Beitrag im Newsletter Nr. 9 vom 6.5.2021

Wie erreichen wir in der Pandemie neue Zielgruppen?

Nina Schröter

Inhalt

Mit Code die Welt verbessern
Pandemie tut jugendlichem Engagement keinen Abbruch
Gegen Rollenklischees in der Techszene
Und wie erreichen wir jetzt neue Zielgruppen?
Autorin
Redaktion

Mit Code die Welt verbessern

Bei Jugend hackt kommen Jugendliche zwischen 12 und 18 Jahren zusammen, um gemeinsam »mit Code die Welt zu verbessern«, wie es in unserem Motto heißt.

Jugend hackt ist damit genau an der Schnittstelle von jungen Menschen, digitalem Engagement und dem Wunsch, etwas zu bewegen. In Wochenend-Hackathons und diversen Workshopangeboten – analog und digital – arbeiten die Jugendlichen gemeinsam mit ehrenamtlichen Mentor*innen an Projekten, die gesellschaftliche oder persönliche Herausforderungen aufgreifen und nach kreativen Lösungen suchen.

Pandemie tut jugendlichem Engagement keinen Abbruch

Dabei entstehen zum Beispiel Projekte wie Germany says welcome, eine App für geflüchtete Menschen, die tatsächlich von der Landesregierung NRW aufgegriffen wurde, Projektideen zu digitalem Unterricht in Zeiten der Pandemie und Projekte zu Umwelt- und Klimaschutz und zu digitaler Sicherheit. Die Projektideen geben einen guten Einblick, welche Themen die Jugendlichen beschäftigen und decken sich auch mit den Ergebnissen des Engagementberichts der Bundesregierung: Junge Menschen sind engagiert, egal, ob analog oder digital. Neben leichten pandemiebedingten Ermüdungserscheinungen können wir auch selbst nach einem Jahr rein digitaler Angebote keinen großen Unterschied im Engagement feststellen.

Weitere Informationen zum Projekt Germany says welcome

Weitere Informationen zu den Projektideen zu digitalem Unterricht

Zum Dritten Engagementbericht der Bundesregierung

Gegen Rollenklischees in der Techszene

Ein Aspekt, der seit unserer Gründung 2013 eine große Rolle bei Jugend hackt spielt, ist die Diversität. Als Angebot für programmierbegeisterte Jugendliche stehen wir vor der Herausforderung, dass die Technikszene im Grundsatz immer noch weiß, männlich und hetero geprägt ist. Unser erklärtes Ziel ist es, die hinter diesem Klischee stehenden Strukturen aufzubrechen.

Dafür haben wir in den letzten Jahren bereits verschiedene Maßnahmen ergriffen: Wir reservieren Diversity-Plätze, die dafür sorgen, dass bei den Anmeldungen für unsere Veranstaltungen unterrepräsentierte Gruppen priorisiert werden.

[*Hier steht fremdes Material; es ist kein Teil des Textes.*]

Lemma inspan_add n T x y :
  inspan n T x -> inspan n T y -> inspan n T (fun t => x t + y t).
Proof.
intros [m1 [w1 [c1 [h1 h2]]]] [m2 [w2 [c2 [g1 g2]]]].
exists (m1 + m2)%nat, (fun l => if (l <? m1)%nat then w1 l else w2 (l - m1)%nat),
  (fun l => if (l <? m1)%nat then c1 l else c2 (l - m1)%nat).
split.
- intros l hl. destruct (Nat.ltb_spec l m1); auto. apply g1; lia.
- intros t ht. rewrite sumR_split, h2, g2 by auto. f_equal.
  + apply sumR_ext; intros l hl. destruct (Nat.ltb_spec l m1); auto; lia.
  + apply sumR_ext; intros l hl. destruct (Nat.ltb_spec (m1 + l) m1); [lia|].
    replace (m1 + l - m1)%nat with l by lia. auto.
Qed.

Lemma inspan_sum n T m (c : nat -> R) (X : nat -> vecR) :
  (forall l, (l < m)%nat -> inspan n T (X l)) ->
  inspan n T (fun t => sumR m (fun l => c l * X l t)).
Proof.
induction m; intros h; simpl.
- apply inspan_zero.
- apply inspan_add; [apply IHm; intros; apply h; lia|apply inspan_scal, h; lia].
Qed.

Lemma inspan_of_combination n T j y x :
  (forall l, (l < j)%nat -> T (y l)) -> in_combination n j y x -> inspan n T x.
Proof.
intros hy [d hd]. eapply inspan_ext; [intros t ht; symmetry; apply hd; auto|].
apply inspan_sum. intros l hl. apply inspan_mem. auto.
Qed.

Lemma finite_choice {A : Type} (P : nat -> A -> Prop) m (a0 : A) :
  (forall l, (l < m)%nat -> exists a, P l a) -> exists f, forall l, (l < m)%nat -> P l (f l).
Proof.
induction m; intros h.
- exists (fun _ => a0). intros; lia.
- destruct IHm as [f hf]; [intros; apply h; lia|].
  destruct (h m ltac:(lia)) as [a ha].
  exists (fun l => if Nat.eqb l m then a else f l). intros l hl.
  destruct (Nat.eqb_spec l m); [subst; auto|apply hf; lia].
Qed.

Lemma combination_of_inspan n T j y x :
  (forall v, T v -> in_combination n j y (fun t => IZR (v t))) ->
  inspan n T x -> in_combination n j y x.
Proof.
intros hT [m [w [c [h1 h2]]]].
destruct (finite_choice (fun q d => forall t, (t < n)%nat ->
            IZR (w q t) = sumR j (fun l => d l * IZR (y l t))) m (fun _ => 0)) as [d hd].
{ intros q hq. apply hT; auto. }
exists (fun p => sumR m (fun q => c q * d q p)). intros t ht.
rewrite h2 by auto.
rewrite (sumR_ext _ _ (fun q => sumR j (fun p => c q * d q p * IZR (y p t)))).
- rewrite sumR_swap. apply sumR_ext. intros p hp. rewrite sumR_mult_r. auto.
- intros q hq. rewrite hd, <- sumR_mult_l by auto. apply sumR_ext; intros; ring.
Qed.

Wir haben mit »Mädchen vernetzen« ein Event geschaffen, das sich ausschließlich an Mädchen richtet und ihnen einen Raum gibt, in dem sie sich ausdrücken können, ohne von Jungen beurteilt zu werden. Wir sprechen außerdem für alle unsere Angebote gezielt weibliche Mentor*innen an. Tatsächlich ist es uns auch gelungen, in den letzten Jahren den Mädchenanteil bei unseren Veranstaltungen deutlich auf mittlerweile rund 30 Prozent zu erhöhen.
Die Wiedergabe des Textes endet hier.